- THE TASK
From the line with "walk k' w v]" to the line with "Definition star_edge (n", retype every line exactly, including those two, and leave out the rest of the data below.

Stored data entries:
- Opening Delimiter -
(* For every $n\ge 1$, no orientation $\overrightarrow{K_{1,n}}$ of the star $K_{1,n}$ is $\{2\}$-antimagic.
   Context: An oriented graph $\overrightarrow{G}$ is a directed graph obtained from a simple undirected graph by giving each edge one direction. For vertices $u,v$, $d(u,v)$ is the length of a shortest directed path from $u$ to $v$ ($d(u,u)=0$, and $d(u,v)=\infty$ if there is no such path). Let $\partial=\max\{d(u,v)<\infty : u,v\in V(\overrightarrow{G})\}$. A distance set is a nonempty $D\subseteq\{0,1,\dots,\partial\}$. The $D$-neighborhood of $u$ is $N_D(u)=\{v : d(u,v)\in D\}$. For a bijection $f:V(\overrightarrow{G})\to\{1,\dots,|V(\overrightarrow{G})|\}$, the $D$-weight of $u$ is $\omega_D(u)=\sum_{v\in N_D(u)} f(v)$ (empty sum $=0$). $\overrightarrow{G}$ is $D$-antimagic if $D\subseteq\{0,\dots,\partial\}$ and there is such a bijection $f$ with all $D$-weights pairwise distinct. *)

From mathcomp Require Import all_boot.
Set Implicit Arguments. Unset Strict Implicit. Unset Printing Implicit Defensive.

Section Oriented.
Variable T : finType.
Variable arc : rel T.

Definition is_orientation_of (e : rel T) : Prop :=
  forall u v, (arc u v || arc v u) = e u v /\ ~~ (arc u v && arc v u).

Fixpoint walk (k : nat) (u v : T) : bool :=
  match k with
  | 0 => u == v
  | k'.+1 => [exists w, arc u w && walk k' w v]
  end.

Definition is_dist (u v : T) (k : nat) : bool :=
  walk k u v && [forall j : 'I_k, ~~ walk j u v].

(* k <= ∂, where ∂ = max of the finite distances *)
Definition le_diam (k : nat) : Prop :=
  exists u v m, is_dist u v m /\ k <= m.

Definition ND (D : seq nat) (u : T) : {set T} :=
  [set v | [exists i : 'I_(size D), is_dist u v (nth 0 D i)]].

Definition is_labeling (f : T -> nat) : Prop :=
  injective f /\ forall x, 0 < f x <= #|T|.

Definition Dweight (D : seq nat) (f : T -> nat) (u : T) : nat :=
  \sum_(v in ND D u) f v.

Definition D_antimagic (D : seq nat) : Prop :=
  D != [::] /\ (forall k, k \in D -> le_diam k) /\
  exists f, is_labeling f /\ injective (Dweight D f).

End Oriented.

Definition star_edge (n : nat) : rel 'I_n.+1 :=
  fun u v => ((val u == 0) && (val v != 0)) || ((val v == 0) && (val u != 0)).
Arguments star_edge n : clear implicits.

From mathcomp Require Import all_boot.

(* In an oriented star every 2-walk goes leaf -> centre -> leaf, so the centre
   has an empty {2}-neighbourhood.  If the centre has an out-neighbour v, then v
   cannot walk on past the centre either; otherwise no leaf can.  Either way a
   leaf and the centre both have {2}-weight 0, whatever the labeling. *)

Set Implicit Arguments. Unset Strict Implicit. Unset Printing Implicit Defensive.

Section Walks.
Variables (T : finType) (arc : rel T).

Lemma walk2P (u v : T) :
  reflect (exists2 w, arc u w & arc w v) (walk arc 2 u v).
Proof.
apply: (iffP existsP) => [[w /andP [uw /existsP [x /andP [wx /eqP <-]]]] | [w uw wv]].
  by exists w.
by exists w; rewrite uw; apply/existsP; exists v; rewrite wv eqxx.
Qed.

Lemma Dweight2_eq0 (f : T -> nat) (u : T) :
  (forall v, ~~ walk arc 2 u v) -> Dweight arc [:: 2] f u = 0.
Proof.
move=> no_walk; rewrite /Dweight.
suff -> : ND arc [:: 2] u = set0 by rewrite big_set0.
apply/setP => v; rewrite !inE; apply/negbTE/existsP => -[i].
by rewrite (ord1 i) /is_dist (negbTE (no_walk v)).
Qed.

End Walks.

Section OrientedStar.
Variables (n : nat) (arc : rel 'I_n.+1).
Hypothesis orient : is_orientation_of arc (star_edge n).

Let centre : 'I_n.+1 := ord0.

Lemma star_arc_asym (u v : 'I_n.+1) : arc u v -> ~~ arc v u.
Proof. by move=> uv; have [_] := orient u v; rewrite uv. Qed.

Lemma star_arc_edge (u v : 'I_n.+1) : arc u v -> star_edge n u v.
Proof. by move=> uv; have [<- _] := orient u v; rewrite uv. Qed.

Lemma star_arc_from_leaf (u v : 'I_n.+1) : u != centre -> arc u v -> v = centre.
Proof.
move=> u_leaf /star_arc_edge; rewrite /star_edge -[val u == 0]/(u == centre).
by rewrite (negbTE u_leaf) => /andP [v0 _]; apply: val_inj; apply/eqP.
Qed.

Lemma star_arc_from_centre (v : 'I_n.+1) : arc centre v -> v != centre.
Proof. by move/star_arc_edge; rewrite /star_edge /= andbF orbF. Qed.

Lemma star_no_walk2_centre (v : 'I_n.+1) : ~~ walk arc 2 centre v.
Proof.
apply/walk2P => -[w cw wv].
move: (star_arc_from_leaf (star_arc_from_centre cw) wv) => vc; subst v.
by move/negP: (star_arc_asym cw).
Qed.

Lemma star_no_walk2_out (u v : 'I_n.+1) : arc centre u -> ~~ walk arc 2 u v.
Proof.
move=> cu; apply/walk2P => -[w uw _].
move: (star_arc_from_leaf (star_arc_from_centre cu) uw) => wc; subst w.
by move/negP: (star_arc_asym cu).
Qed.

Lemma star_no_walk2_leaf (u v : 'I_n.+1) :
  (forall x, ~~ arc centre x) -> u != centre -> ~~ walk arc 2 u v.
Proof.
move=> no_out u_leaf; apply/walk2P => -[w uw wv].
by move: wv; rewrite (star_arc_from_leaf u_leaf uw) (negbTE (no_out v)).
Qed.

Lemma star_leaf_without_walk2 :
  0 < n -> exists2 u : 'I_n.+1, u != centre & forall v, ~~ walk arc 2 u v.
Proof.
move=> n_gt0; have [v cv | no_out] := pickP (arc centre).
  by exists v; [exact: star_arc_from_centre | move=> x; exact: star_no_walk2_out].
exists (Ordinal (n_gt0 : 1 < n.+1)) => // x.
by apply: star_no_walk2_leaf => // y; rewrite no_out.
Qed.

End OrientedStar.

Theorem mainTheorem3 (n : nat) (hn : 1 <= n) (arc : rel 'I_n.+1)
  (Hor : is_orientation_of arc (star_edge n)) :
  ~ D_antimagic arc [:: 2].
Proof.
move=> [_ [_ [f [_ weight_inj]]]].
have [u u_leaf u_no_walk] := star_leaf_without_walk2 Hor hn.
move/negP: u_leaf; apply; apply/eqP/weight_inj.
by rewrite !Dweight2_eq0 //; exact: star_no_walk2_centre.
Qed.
- Closing Delimiter -
- ANSWER BELOW
  | k'.+1 => [exists w, arc u w && walk k' w v]
  end.

Definition is_dist (u v : T) (k : nat) : bool :=
  walk k u v && [forall j : 'I_k, ~~ walk j u v].

(* k <= ∂, where ∂ = max of the finite distances *)
Definition le_diam (k : nat) : Prop :=
  exists u v m, is_dist u v m /\ k <= m.

Definition ND (D : seq nat) (u : T) : {set T} :=
  [set v | [exists i : 'I_(size D), is_dist u v (nth 0 D i)]].

Definition is_labeling (f : T -> nat) : Prop :=
  injective f /\ forall x, 0 < f x <= #|T|.

Definition Dweight (D : seq nat) (f : T -> nat) (u : T) : nat :=
  \sum_(v in ND D u) f v.

Definition D_antimagic (D : seq nat) : Prop :=
  D != [::] /\ (forall k, k \in D -> le_diam k) /\
  exists f, is_labeling f /\ injective (Dweight D f).

End Oriented.

Definition star_edge (n : nat) : rel 'I_n.+1 :=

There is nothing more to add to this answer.